Start of Task material

(* Let $n,r\ge3$, let $h$ be a hermitian form on $\mathbb{C}^n$ of signature $(n-1,1)$, and let $x=(L_1,\dots,L_r)$ be an $r$-tuple of $h$-isotropic lines in $\mathbb{C}^n$. Then: (1) $x$ is semi-stable if and only if for every isotropic line $L$ one has $\#\{i: L=L_i\}\le r/2$; (2) if $r$ is even, then $x$ is semi-stable if and only if there is a derangement $\sigma$ of $\{1,\dots,r\}$ of order $2$ such that $s_\sigma(x)\neq0$.
   Context: $x$ is called semi-stable if the $r$-tuple of flags $(L_i,L_i^\perp)_{i=1,\dots,r}$ (line contained in hyperplane, $L^\perp$ the $h$-orthogonal) is semi-stable for the diagonal action of $\mathrm{SL}_n(\mathbb{C})$ on the $r$-th power of the variety of line-hyperplane flags, linearized by the embedding $(L_i,H_i)\mapsto(L_i,H_i^\perp)$ into $(\mathbb{P}(\mathbb{C}^n)\times\mathbb{P}((\mathbb{C}^n)^\vee))^r$ with line bundle $\bigotimes_i\mathrm{pr}_i^*(\mathcal{O}(1)\boxtimes\mathcal{O}(1))$ (i.e. some invariant section of a positive tensor power does not vanish). For a derangement (fixed-point-free permutation) $\sigma$, $s_\sigma(x)=\prod_{i=1}^r h(v_i,v_{\sigma(i)})$, where $v_i$ generates $L_i$ (its vanishing does not depend on the choice). *)

From HB Require Import structures.
From mathcomp Require Import all_boot all_order all_algebra all_fingroup.
From mathcomp Require Import mpoly.
Set Implicit Arguments. Unset Strict Implicit. Unset Printing Implicit Defensive.
Import Order.TTheory GRing.Theory Num.Theory.
Local Open Scope ring_scope.

Section Defs.
Variables (C : numClosedFieldType) (n r : nat).

Definition conjmx p q (A : 'M[C]_(p, q)) : 'M[C]_(p, q) := map_mx Num.conj A.

(* hermitian form with Gram matrix H, conjugate-linear in the first argument:
   h(u, v) = conj(u) H v^T  (vectors of C^n as row vectors) *)
Definition hform (H : 'M[C]_n) (u v : 'rV[C]_n) : C := (conjmx u *m H *m v^T) 0 0.

(* H is hermitian of signature (n-1, 1): there is an invertible P with
   P^* H P = diag(1, ..., 1, -1) (Sylvester normal form) *)
Definition hermitian_sig_n1_1 (H : 'M[C]_n) : Prop :=
  (conjmx H)^T = H /\
  exists2 P : 'M[C]_n, P \in unitmx &
    (conjmx P)^T *m H *m P = diag_mx (\row_(i < n) (if val i == n.-1 then -1 else 1)).

Definition isotropic (H : 'M[C]_n) (u : 'rV[C]_n) : Prop := hform H u u = 0.

(* The line L_i spanned by v i is sent to the point ([v_i], [w_i]) of
   P(C^n) x P((C^n)^v), where w_i is the linear form x |-> h(v_i, x), whose
   kernel is L_i^perp (i.e. [w_i] = annihilator of the hyperplane L_i^perp).
   A linear form is encoded by its row of coefficients: w(x) = w *m x^T. *)
Definition dual_pt (H : 'M[C]_n) (u : 'rV[C]_n) : 'rV[C]_n := conjmx u *m H.

(* coordinates on (C^n x (C^n)^v)^r: the first r*n variables are the
   coordinates of v_1..v_r, the last r*n those of w_1..w_r *)
Definition NV := (r * n + r * n)%N.

Definition env (v w : 'I_r -> 'rV[C]_n) : 'I_NV -> C :=
  fun k => match split k with
           | inl a => mxvec (\matrix_(i < r, j < n) v i 0 j) 0 a
           | inr b => mxvec (\matrix_(i < r, j < n) w i 0 j) 0 b
           end.

Definition vidx (i : 'I_r) (j : 'I_n) : 'I_NV := lshift (r * n) (mxvec_index i j).
Definition widx (i : 'I_r) (j : 'I_n) : 'I_NV := rshift (r * n) (mxvec_index i j).

(* F is a section of (O(k) ⊠ O(k))^{⊠ r}: multihomogeneous of degree k in
   each v_i and of degree k in each w_i *)
Definition multihom (k : nat) (F : {mpoly C[NV]}) : Prop :=
  forall m : 'X_{1..NV}, m \in msupp F ->
    forall i : 'I_r, (\sum_(j < n) m (vidx i j) = k)%N /\ (\sum_(j < n) m (widx i j) = k)%N.

(* SL_n-invariance for the diagonal action g.(v, w) = (g v, w o g^-1) *)
Definition SL_invariant (F : {mpoly C[NV]}) : Prop :=
  forall g : 'M[C]_n, \det g = 1 ->
    forall v w : 'I_r -> 'rV[C]_n,
      F.@[env (fun i => v i *m g^T) (fun i => w i *m invmx g)] = F.@[env v w].

Definition semistable (H : 'M[C]_n) (v : 'I_r -> 'rV[C]_n) : Prop :=
  exists k : nat, (0 < k)%N /\ exists F : {mpoly C[NV]},
    multihom k F /\ SL_invariant F /\ F.@[env v (fun i => dual_pt H (v i))] != 0.

Definition derangement (s : {perm 'I_r}) : Prop := forall i, s i != i.

Definition s_sigma (H : 'M[C]_n) (v : 'I_r -> 'rV[C]_n) (s : {perm 'I_r}) : C :=
  \prod_(i < r) hform H (v i) (v (s i)).

End Defs.

(* Semi-stability is witnessed by the SL_n-invariant sections
   F_s(v, w) = prod_i w_i(v_(s i)) of degree one, whose value at x is s_sigma(x).
   If no isotropic line carries more than r/2 of the L_i, sort the indices so
   that equal lines are consecutive and send each index to the one r/2 places
   further, cyclically: this permutation moves every index to a different line,
   and it is an involution when r is even. In signature (n-1, 1) two distinct
   isotropic lines are never orthogonal, so s_sigma(x) != 0.
   Conversely, if more than r/2 of the L_i equal an isotropic line u, let g(t)
   act by t on u, by t^-1 on a line y with h(u, y) != 0, and trivially on a
   complement of u + y. An invariant F of degree k satisfies F(x) = F(g(t) x),
   and g(t) multiplies both components of every point on u by t; homogeneity then
   gives F(x) t^(2kr) = t^(4km) P(t) with P polynomial and 2m > r, so F(x) = 0. *)

From Pilot Require Import Defs.
From HB Require Import structures.
From mathcomp Require Import all_boot all_order all_algebra all_fingroup.
From mathcomp Require Import mpoly.
From mathcomp Require Import cyclic ring zify.
Import GRing.Theory Num.Theory.
Set Implicit Arguments. Unset Strict Implicit. Unset Printing Implicit Defensive.

Section OppositeInSortedOrder.
Variables (T : eqType) (r : nat) (c : 'I_r -> T).
Hypothesis small_fibres : forall i, 2 * #|[set j | c j == c i]| <= r.

Let key i := index (c i) (map c (enum 'I_r)).

Let key_eq i j : (key i == key j) = (c i == c j).
Proof.
apply/eqP/eqP => [hk|]; last by rewrite /key => ->.
have mem k : c k \in map c (enum 'I_r) by apply: map_f; rewrite mem_enum.
by rewrite -(nth_index (c i) (mem i)) -(nth_index (c i) (mem j)) -/(key i) hk.
Qed.

Let s := sort (relpre key leq) (enum 'I_r).
Let pos i := index i s.

Let size_s : size s = r. Proof. by rewrite size_sort size_enum_ord. Qed.
Let mem_s i : i \in s. Proof. by rewrite mem_sort mem_enum. Qed.
Let uniq_s : uniq s. Proof. by rewrite sort_uniq enum_uniq. Qed.
Let pos_lt i : pos i < r. Proof. by rewrite -size_s index_mem mem_s. Qed.

Let key_between i p x q : p <= x <= q -> q < r ->
  key (nth i s p) = key (nth i s q) -> key (nth i s x) = key (nth i s p).
Proof.
move=> /andP [px xq] qr hpq.
have s_sorted : sorted (relpre key leq) s.
  exact: sort_sorted (fun a b => leq_total (key a) (key b)) _.
have mono := sorted_leq_nth (fun _ _ _ => @leq_trans _ _ _) (fun _ => leqnn _) i s_sorted.
have inr y : y <= q -> y \in [pred m | m < size s].
  by rewrite inE size_s => yq; apply: leq_ltn_trans qr.
apply/eqP; rewrite eqn_leq {1}hpq.
by rewrite [_ <= _](mono x q) ?[_ <= _](mono p x) ?inr //; apply: leq_trans xq.
Qed.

End of Task material

▶ [Assignment]:
Each line that holds the string "Proof" is to be copied from the entries above.

▶ [Result of the task]:
Proof.
Let size_s : size s = r. Proof. by rewrite size_sort size_enum_ord. Qed.
Let mem_s i : i \in s. Proof. by rewrite mem_sort mem_enum. Qed.
Let uniq_s : uniq s. Proof. by rewrite sort_uniq enum_uniq. Qed.
Let pos_lt i : pos i < r. Proof. by rewrite -size_s index_mem mem_s. Qed.
Proof.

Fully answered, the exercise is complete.